CH Health Tech Advisory

9 April 2026 · 3 min read

Rock Health has retired 'AI' as a separate funding category

Rock Health quietly retired the AI deal category in their Q1 2026 digital health report. The reason: the distinction between AI-enabled and non-AI digital health no longer holds. AI is table stakes. The companies pulling in nine-figure checks share something else — workflow integration depth.

Last updated

6 May 2026

TL;DR

AI is dead. Well not really obviously, just as a separate reporting category. Rock Health, in their latest digital health funding report, just quietly retired the “AI deal category.” $4B across 110 deals in Q1 2026. Average deal size at $36.7M, highest since Q4 2021. 59% of all capital concentrated in just 12 mega rounds. AI is table stakes. The companies pulling in nine-figure checks all share something else: OpenEvidence is embedded in EHRs at 40%+ of US physicians; Doctronic is running an AI prescribing pilot in Utah’s regulatory sandbox; Qualified Health supports 400,000 users with an AI governance platform. The AI is the engine. The workflow integration is the moat. Same pattern in drug discovery — Anthropic acquired Coefficient Bio for the lab-in-the-loop team. The feedback loop between prediction and experiment is where the value sits, not the model. 2026 is the year “AI company” stops meaning anything in healthcare. The only question that matters: where does the AI sit in the workflow, and how deep does the integration go.

AI is dead. Well not really obviously, just as a separate reporting category.

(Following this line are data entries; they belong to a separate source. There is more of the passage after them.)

(* Let $d\ge 1$ and let $h:\mathbb{R}^d\to\mathbb{R}$ be a continuous, integrable ($\int_{\mathbb{R}^d}|h(\tau)|\,d\tau<\infty$), positive semi-definite function such that $h(\tau)>0$ for all $\tau\in\mathbb{R}^d$. Consider the family $\mathcal{K}_h$ of all functions of the form $$k_K(\tau)=\sum_{k=1}^{K}\alpha_k\, h(\tau\odot\gamma_k)\cos(2\pi\,\omega_k^T\tau),\qquad \tau\in\mathbb{R}^d,$$ where $K\in\mathbb{N}^*=\{1,2,\dots\}$, $\alpha_k\in\mathbb{R}$, $\omega_k\in[0,\infty)^d$ and $\gamma_k\in(0,\infty)^d$. Then $\mathcal{K}_h$ is dense in the set of stationary real-valued kernels on $\mathbb{R}^d$ with respect to pointwise convergence: for every continuous positive semi-definite function $k:\mathbb{R}^d\to\mathbb{R}$ there is a sequence $(k^{(n)})_{n\ge1}$ of elements of $\mathcal{K}_h$ with $k^{(n)}(\tau)\to k(\tau)$ for every $\tau\in\mathbb{R}^d$. *)

From mathcomp Require Import all_boot.
From Stdlib Require Import Reals.
Open Scope R_scope.

Definition vec (d : nat) := 'I_d -> R.

Definition sumR (n : nat) (f : nat -> R) : R := \big[Rplus/0]_(0 <= i < n) f i.

Definition dot {d} (x y : vec d) : R := \big[Rplus/0]_(i < d) (x i * y i).
Definition vsub {d} (x y : vec d) : vec d := fun i => x i - y i.
Definition vopp {d} (x : vec d) : vec d := fun i => - x i.
Definition hadamard {d} (x y : vec d) : vec d := fun i => x i * y i.

(* continuity on R^d (sup-norm, which induces the usual topology) *)
Definition cont_Rd {d} (f : vec d -> R) : Prop :=
  forall x eps, 0 < eps -> exists delta, 0 < delta /\
    forall y, (forall i, Rabs (y i - x i) < delta) -> Rabs (f y - f x) < eps.

Definition psd_fun {d} (f : vec d -> R) : Prop :=
  (forall x, f (vopp x) = f x) /\
  forall (n : nat) (xs : nat -> vec d) (c : nat -> R),
    0 <= sumR n (fun i => sumR n (fun j => c i * c j * f (vsub (xs i) (xs j)))).

(* Iterated Riemann integral over the cube [-r,r]^m of the first m
   coordinates of g : (nat -> R) -> R, the remaining coordinates being 0.
   box_int m r g I  means that this iterated integral exists and equals I. *)
Fixpoint box_int (m : nat) (r : R) (g : (nat -> R) -> R) (I : R) : Prop :=
  match m with
  | O => I = g (fun _ => 0)
  | S m' => exists G : R -> R,
      (forall x, box_int m' r
          (fun v => g (fun j => if Nat.eqb j m' then x else v j)) (G x)) /\
      exists pr : Riemann_integrable G (- r) r, RiemannInt pr = I
  end.

Definition of_nat_vec {d} (v : nat -> R) : vec d := fun i => v (nat_of_ord i).

(* Lebesgue integrability of a continuous f on R^d: the integrals of |f|
   over the cubes [-r,r]^d are uniformly bounded. *)
Definition integrable_Rd {d} (f : vec d -> R) : Prop :=
  exists M, forall r, 0 < r -> exists I,
    box_int d r (fun v => Rabs (f (of_nat_vec v))) I /\ I <= M.

Definition in_K {d} (h : vec d -> R) (f : vec d -> R) : Prop :=
  exists (K : nat) (alpha : nat -> R) (omega gamma : nat -> vec d),
    (1 <= K)%nat /\
    (forall k i, 0 <= omega k i) /\ (forall k i, 0 < gamma k i) /\
    forall tau, f tau =
      sumR K (fun k => alpha k * h (hadamard tau (gamma k))
                        * cos (2 * PI * dot (omega k) tau)).

(* Since the weights [alpha_k] are arbitrary, K_h is a vector space, and it
   suffices to approximate k uniformly on every cube [-m, m]^d; a diagonal
   sequence then converges pointwise. As h is continuous with h 0 > 0, the term
   h (c tau) cos (w . tau) / h 0 tends to cos (w . tau) uniformly on cubes when
   c -> 0. Second differences in the frequency w along e >= 0 then produce
   (e . tau)^2 cos (w . tau), and polarisation produces tau_i tau_j times any such
   function, so the even part of every polynomial is approximable. Finally, the
   even parts of multivariate Bernstein polynomials of k converge to k uniformly on
   cubes, because a positive semi-definite k is even. *)

From HB Require Import structures.
From mathcomp Require Import all_boot zify.
From Stdlib Require Import Reals Lra Lia FunctionalExtensionality Classical ClassicalEpsilon.
Open Scope R_scope.

HB.instance Definition _ := Monoid.isComLaw.Build R 0 Rplus
  (fun x y z => esym (Rplus_assoc x y z)) Rplus_comm Rplus_0_l.
HB.instance Definition _ := Monoid.isComLaw.Build R 1 Rmult
  (fun x y z => esym (Rmult_assoc x y z)) Rmult_comm Rmult_1_l.
HB.instance Definition _ := Monoid.isMulLaw.Build R 0 Rmult Rmult_0_l Rmult_0_r.
HB.instance Definition _ :=
  Monoid.isAddLaw.Build R Rmult Rplus Rmult_plus_distr_r Rmult_plus_distr_l.

Lemma Rabs_le_bounds {x m} : Rabs x <= m -> - m <= x <= m.
Proof. by rewrite /Rabs; case: Rcase_abs; lra. Qed.

Section RealBigops.
Context {I : Type} {r : seq I} {P : pred I}.

Lemma Rabs_big_le (F : I -> R) :
  Rabs (\big[Rplus/0]_(i <- r | P i) F i) <= \big[Rplus/0]_(i <- r | P i) Rabs (F i).
Proof.
apply: (big_ind2 (fun x y => Rabs x <= y)) => [|x1 x2 y1 y2 H1 H2|i _ /=].
- by rewrite Rabs_R0; lra.
- by apply: Rle_trans (Rabs_triang _ _) _; lra.
- lra.
Qed.

Lemma big_Rle (F G : I -> R) : (forall i, P i -> F i <= G i) ->
  \big[Rplus/0]_(i <- r | P i) F i <= \big[Rplus/0]_(i <- r | P i) G i.
Proof. by move=> H; apply: (big_ind2 Rle) => //; [lra|move=> *; lra]. Qed.

Lemma big_Rsum_ge0 (F : I -> R) : (forall i, P i -> 0 <= F i) ->
  0 <= \big[Rplus/0]_(i <- r | P i) F i.
Proof. by move=> H; apply: (big_ind (Rle 0)) => //; [lra|move=> *; lra]. Qed.

Lemma big_Rprod_ge0 (F : I -> R) : (forall i, P i -> 0 <= F i) ->
  0 <= \big[Rmult/1]_(i <- r | P i) F i.
Proof. by move=> H; apply: (big_ind (Rle 0)) => //; [lra|exact: Rmult_le_pos]. Qed.

Lemma big_Rsum_sub (F G : I -> R) :
  \big[Rplus/0]_(i <- r | P i) (F i - G i)
  = \big[Rplus/0]_(i <- r | P i) F i - \big[Rplus/0]_(i <- r | P i) G i.
Proof.
by apply: (big_rec3 (fun a b c => a = b - c)) => [|i a b c _ ->]; ring.
Qed.

End RealBigops.

Lemma Rle_big_term {I : finType} (F : I -> R) j : (forall i, 0 <= F i) ->
  F j <= \big[Rplus/0]_(i : I) F i.
Proof.
move=> HF; rewrite (bigD1 j) //=.
suff : 0 <= \big[Rplus/0]_(i | i != j) F i by lra.
exact: big_Rsum_ge0.
Qed.

Lemma big_ord_Rconst n c : \big[Rplus/0]_(i < n) c = INR n * c.
Proof.
rewrite big_const_ord; elim: n => [|n IH] /=; first ring.
by rewrite IH; case: n {IH} => [|n] /=; ring.
Qed.

Definition in_cube {d} (m : R) (t : vec d) := forall i, Rabs (t i) <= m.

Lemma sumR_scal n c f : sumR n (fun i => c * f i) = c * sumR n f.
Proof. by rewrite /sumR big_distrr. Qed.

Lemma sumR_cat K1 K2 f :
  sumR (K1 + K2) f = sumR K1 f + sumR K2 (fun i => f (i + K1)%nat).
Proof.
rewrite /sumR (big_cat_nat (leq0n K1) (leq_addr K2 K1)) /=; congr (_ + _).
by rewrite -{1}(add0n K1) big_addn addKn.
Qed.

Lemma sumR_ext n f g : (forall i, (i < n)%nat -> f i = g i) -> sumR n f = sumR n g.
Proof. by move=> H; apply: eq_big_nat => i /andP[_ Hi]; exact: H. Qed.

Lemma sumR1 f : sumR 1 f = f 0%nat.
Proof. by rewrite /sumR big_nat1. Qed.

Section Dot.
Context {d : nat}.
Implicit Types (a b t : vec d).

Definition unit_vec (i : 'I_d) : vec d := fun l => if l == i then 1 else 0.

Lemma dot0 t : dot (fun _ => 0) t = 0.
Proof. by rewrite /dot big1 // => i _; ring. Qed.

Lemma dot_lin a b c t : dot (fun i => a i + c * b i) t = dot a t + c * dot b t.
Proof. by rewrite /dot big_distrr -big_split; apply: eq_bigr => i _ /=; ring. Qed.

Lemma dot_scal c a t : dot (fun i => c * a i) t = c * dot a t.
Proof. by rewrite /dot big_distrr; apply: eq_bigr => i _ /=; ring. Qed.

Lemma dot_unit_vec i t : dot (unit_vec i) t = t i.
Proof. by rewrite /dot (bigD1 i) //= /unit_vec eqxx big1 => [|l /negbTE ->]; ring. Qed.

Lemma unit_vec_ge0 i l : 0 <= unit_vec i l.
Proof. by rewrite /unit_vec; case: ifP => _; lra. Qed.

Lemma Rabs_dot_le a t m : 0 <= m -> in_cube m t ->
  Rabs (dot a t) <= m * \big[Rplus/0]_(i < d) Rabs (a i).
Proof.
move=> Hm Ht; rewrite /dot big_distrr; apply: Rle_trans (Rabs_big_le _) _.
apply: big_Rle => i _ /=; rewrite Rabs_mult.
by have := Ht i; have := Rabs_pos (a i); nra.
Qed.

End Dot.

(** * Trigonometric estimates *)

Lemma Rabs_sin_le x : Rabs (sin x) <= Rabs x.
Proof.
wlog Hx : x / 0 <= x.
  move=> Hpos; case: (Rle_dec 0 x) => [|Hx]; first exact: Hpos.
  by rewrite -Rabs_Ropp -sin_neg -(Rabs_Ropp x); apply: Hpos; lra.
rewrite (Rabs_pos_eq x) //; have := SIN_bound x.
case: (Rle_dec 1 x) => [|Hx1 Hsin]; first by move=> *; apply: Rabs_le; lra.
case: (Req_dec x 0) => [->|Hx0]; first by rewrite sin_0 Rabs_R0; lra.
have Hsin_pos : 0 < sin x by apply: sin_gt_0; have := PI2_1; lra.
rewrite Rabs_pos_eq; [have := sin_lt_x x|]; lra.
Qed.

Lemma Rabs_cos_sub_le x y : Rabs (cos x - cos y) <= Rabs (x - y).
Proof.
rewrite form2 !Rabs_mult Rabs_Ropp (Rabs_pos_eq 2); last lra.
have := Rabs_sin_le ((x - y) / 2); have := Rabs_pos (sin ((x - y) / 2)).
have : Rabs (sin ((x + y) / 2)) <= 1 by apply: Rabs_le; apply: SIN_bound.
rewrite /Rdiv Rabs_mult (Rabs_pos_eq (/ 2)); last lra.
have := Rabs_pos (x - y); nra.
Qed.

Lemma one_sub_cos x : 1 - cos x = 2 * sin (x / 2) ^ 2.
Proof. rewrite {1}(_ : x = 2 * (x / 2)); last field. rewrite cos_2a_sin; ring. Qed.

Lemma Rabs_sub_sin_le x : Rabs (x - sin x) <= Rabs x ^ 3 / 2.
Proof.
have [c [Hc Hc_range]] := MVT_abs (fun x => x - sin x) (fun x => 1 - cos x) 0 x
  (fun c _ => derivable_pt_lim_minus _ _ _ _ _ (derivable_pt_lim_id c)
                (derivable_pt_lim_sin c)).
rewrite sin_0 !Rminus_0_r in Hc; rewrite Hc one_sub_cos.
have Hcx : Rabs c <= Rabs x.
  rewrite /Rmin /Rmax in Hc_range; case: (Rle_dec 0 x) Hc_range => ? ?;
  [rewrite (Rabs_pos_eq x) // Rabs_pos_eq|rewrite (Rabs_left x) ?Rabs_left1]; lra.
have Hs := Rabs_sin_le (c / 2).
rewrite /Rdiv Rabs_mult (Rabs_pos_eq (/ 2)) in Hs; last lra.
rewrite Rabs_mult (Rabs_pos_eq 2); last lra.
have Hs2 : Rabs (sin (c * / 2)) ^ 2 <= (Rabs x * / 2) ^ 2.
  by apply: pow_incr; split; [exact: Rabs_pos|lra].
rewrite -RPow_abs; have := Rabs_pos x; rewrite /Rdiv; nra.
Qed.

Lemma Rabs_cos_taylor2 x : Rabs (1 - cos x - x ^ 2 / 2) <= Rabs x ^ 4 / 8.
Proof.
set s := sin (x / 2).
have -> : 1 - cos x - x ^ 2 / 2 = - 2 * ((x / 2 - s) * (x / 2 + s)).
  by rewrite one_sub_cos -/s; field.
have Hsub := Rabs_sub_sin_le (x / 2); rewrite -/s in Hsub.
have Hs := Rabs_sin_le (x / 2); rewrite -/s in Hs.
have Hadd : Rabs (x / 2 + s) <= 2 * Rabs (x / 2) by apply: Rle_trans (Rabs_triang _ _) _; lra.
rewrite !Rabs_mult Rabs_Ropp (Rabs_pos_eq 2); last lra.
have -> : Rabs x ^ 4 / 8 = 2 * (Rabs (x / 2) ^ 3 / 2 * (2 * Rabs (x / 2))).
  by rewrite /Rdiv Rabs_mult (Rabs_pos_eq (/ 2)); [field|lra].
have := Rabs_pos (x / 2 - s); have := Rabs_pos (x / 2 + s); have := Rabs_pos (x / 2).
nra.
Qed.

Lemma cos_second_difference a u :
  Rabs (cos (a + 2 * u) - 2 * cos (a + u) + cos a + u ^ 2 * cos a)
  <= Rabs u ^ 3 + Rabs u ^ 4 / 4.
Proof.
have -> : cos (a + 2 * u) - 2 * cos (a + u) + cos a + u ^ 2 * cos a
    = - 2 * cos (a + u) * (1 - cos u - u ^ 2 / 2) + u ^ 2 * (cos a - cos (a + u)).
  have Hsum : cos (a + 2 * u) + cos a = 2 * cos (a + u) * cos u.
    rewrite form1 (_ : (a + 2 * u - a) / 2 = u); last field.
    by rewrite (_ : (a + 2 * u + a) / 2 = a + u); [ring|field].
  lra.
have Hcos : Rabs (cos (a + u)) <= 1 by apply: Rabs_le; apply: COS_bound.
have Hlip := Rabs_cos_sub_le a (a + u).
rewrite (_ : a - (a + u) = - u) ?Rabs_Ropp in Hlip; last ring.
have Htaylor := Rabs_cos_taylor2 u.
have T1 : Rabs (- 2 * cos (a + u) * (1 - cos u - u ^ 2 / 2)) <= Rabs u ^ 4 / 4.
  rewrite 2!Rabs_mult (Rabs_left (-2)); last lra.
  have := Rabs_pos (cos (a + u)); have := Rabs_pos (1 - cos u - u ^ 2 / 2); nra.
have T2 : Rabs (u ^ 2 * (cos a - cos (a + u))) <= Rabs u ^ 3.
  rewrite Rabs_mult -RPow_abs.
  have := pow2_ge_0 (Rabs u); have := Rabs_pos (cos a - cos (a + u)); nra.
have := Rabs_triang (- 2 * cos (a + u) * (1 - cos u - u ^ 2 / 2)) (u ^ 2 * (cos a - cos (a + u))).
lra.
Qed.

Lemma scaled_cos_second_difference p a v s : 0 < s ->
  Rabs (p * v ^ 2 * cos a
        - - / s ^ 2 * (p * cos (a + 2 * s * v) + -2 * (p * cos (a + s * v)) + p * cos a))
  <= Rabs p * s * (Rabs v ^ 3 + s * Rabs v ^ 4).
Proof.
move=> Hs.
have -> : p * v ^ 2 * cos a
          - - / s ^ 2 * (p * cos (a + 2 * s * v) + -2 * (p * cos (a + s * v)) + p * cos a)
        = p / s ^ 2 * (cos (a + 2 * (s * v)) - 2 * cos (a + s * v) + cos a
                       + (s * v) ^ 2 * cos a).
  by rewrite (_ : 2 * (s * v) = 2 * s * v); [field; lra|ring].
have Hsv := cos_second_difference a (s * v).
rewrite Rabs_mult (Rabs_pos_eq s) in Hsv; last lra.
have Hp : Rabs (p / s ^ 2) = Rabs p / s ^ 2.
  by rewrite /Rdiv Rabs_mult Rabs_inv (Rabs_pos_eq (s ^ 2)) //; apply: pow2_ge_0.
rewrite Rabs_mult Hp.
apply: Rle_trans (Rmult_le_compat_l _ _ _ _ Hsv) _.
  by apply: Rmult_le_pos; [exact: Rabs_pos|apply: Rlt_le; apply: Rinv_0_lt_compat; nra].
have := Rabs_pos p; have := Rabs_pos v; have := pow_le (Rabs v) 4 (Rabs_pos v).
have := pow_le (Rabs v) 3 (Rabs_pos v).
rewrite !Rpow_mult_distr /Rdiv; move=> *.
have -> : Rabs p * / s ^ 2 * (s ^ 3 * Rabs v ^ 3 + s ^ 4 * Rabs v ^ 4 * / 4)
        = Rabs p * s * (Rabs v ^ 3 + s * (Rabs v ^ 4 * / 4)) by field; lra.
apply: Rmult_le_compat_l; first nra.
apply: Rplus_le_compat_l; apply: Rmult_le_compat_l; lra.
Qed.

Lemma small_step {B X eps} : 0 <= B -> 0 <= X -> 0 < eps ->
  exists s, 0 < s /\ B * s * (X ^ 3 + s * X ^ 4) < eps.
Proof.
move=> HB HX Heps; set Y := (B + 1) * (X ^ 3 + X ^ 4 + 1).
have X3 := pow_le X 3 HX; have X4 := pow_le X 4 HX.
have HY : 0 < Y by apply: Rmult_lt_0_compat; lra.
exists (Rmin 1 (eps / (2 * Y))).
have Hs0 : 0 < Rmin 1 (eps / (2 * Y)) by apply: Rmin_pos; [lra|apply: Rdiv_lt_0_compat; lra].
have Hs1 := Rmin_l 1 (eps / (2 * Y)); have Hs2 := Rmin_r 1 (eps / (2 * Y)).
set s := Rmin 1 (eps / (2 * Y)) in Hs0 Hs1 Hs2 *; split => //.
have HYs : Y * s <= eps / 2.
  apply: Rle_trans (Rmult_le_compat_l _ _ _ (Rlt_le _ _ HY) Hs2) _; right; field; lra.
have : B * s * (X ^ 3 + s * X ^ 4) <= Y * s.
  rewrite /Y; have : s * X ^ 4 <= X ^ 4 by nra.
  have : 0 <= B * s by nra.
  nra.
lra.
Qed.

Rock Health, in their latest digital health funding report, just quietly retired the “AI deal category.”

Their Q1 2026 digital health funding report landed this week. $4B across 110 deals. Average deal size at $36.7M, highest since Q4 2021. 59% of all capital concentrated in just 12 mega rounds.

But Rock Health also stopped distinguishing between AI-enabled and non-AI digital health companies. The reason is simple: the distinction no longer holds.

AI is table stakes. When every startup has “AI”, the technology disappears as a differentiator. The companies pulling in nine-figure checks this quarter all share something else. OpenEvidence is embedded inside health system EHRs, used daily by over 40% of US physicians. Doctronic is running an AI prescribing pilot inside Utah’s regulatory sandbox. Qualified Health supports 400,000 users with an AI governance platform across health systems.

They raised because they are operationally embedded in clinical workflows that are hard to rip out. The AI is the engine. The workflow integration is the moat.

Same pattern in drug discovery. As I just wrote about earlier this week, Anthropic acquired Coefficient Bio for the team that built lab-in-the-loop experimental design systems at Genentech. The feedback loop between prediction and experiment is where the value sits, not the model.

2026 is the year “AI company” stops meaning anything in healthcare. The only question that matters: where does the AI sit in the workflow, and how deep does the integration go.

Key takeaways

  • Rock Health retired “AI” as a standalone deal category in Q1 2026. The label no longer differentiates anything.
  • Q1 2026 digital health funding: $4B across 110 deals. Average deal size $36.7M, highest since Q4 2021. 59% of capital in just 12 mega rounds.
  • AI is table stakes. The companies attracting nine-figure rounds aren’t winning on AI — they’re winning on workflow integration depth.
  • OpenEvidence is in EHRs at 40%+ of US physicians. Doctronic runs an AI prescribing pilot in Utah’s regulatory sandbox. Qualified Health supports 400,000 users with an AI governance platform.
  • The AI is the engine. The workflow integration is the moat. Hard to rip out is the new defensibility.
  • The same pattern holds in drug discovery: Anthropic acquired Coefficient Bio for lab-in-the-loop. The feedback loop between prediction and experiment is where the value sits, not the model.
  • 2026 is the year “AI company” stops meaning anything in healthcare. The only question that matters: where does the AI sit in the workflow, and how deep does the integration go.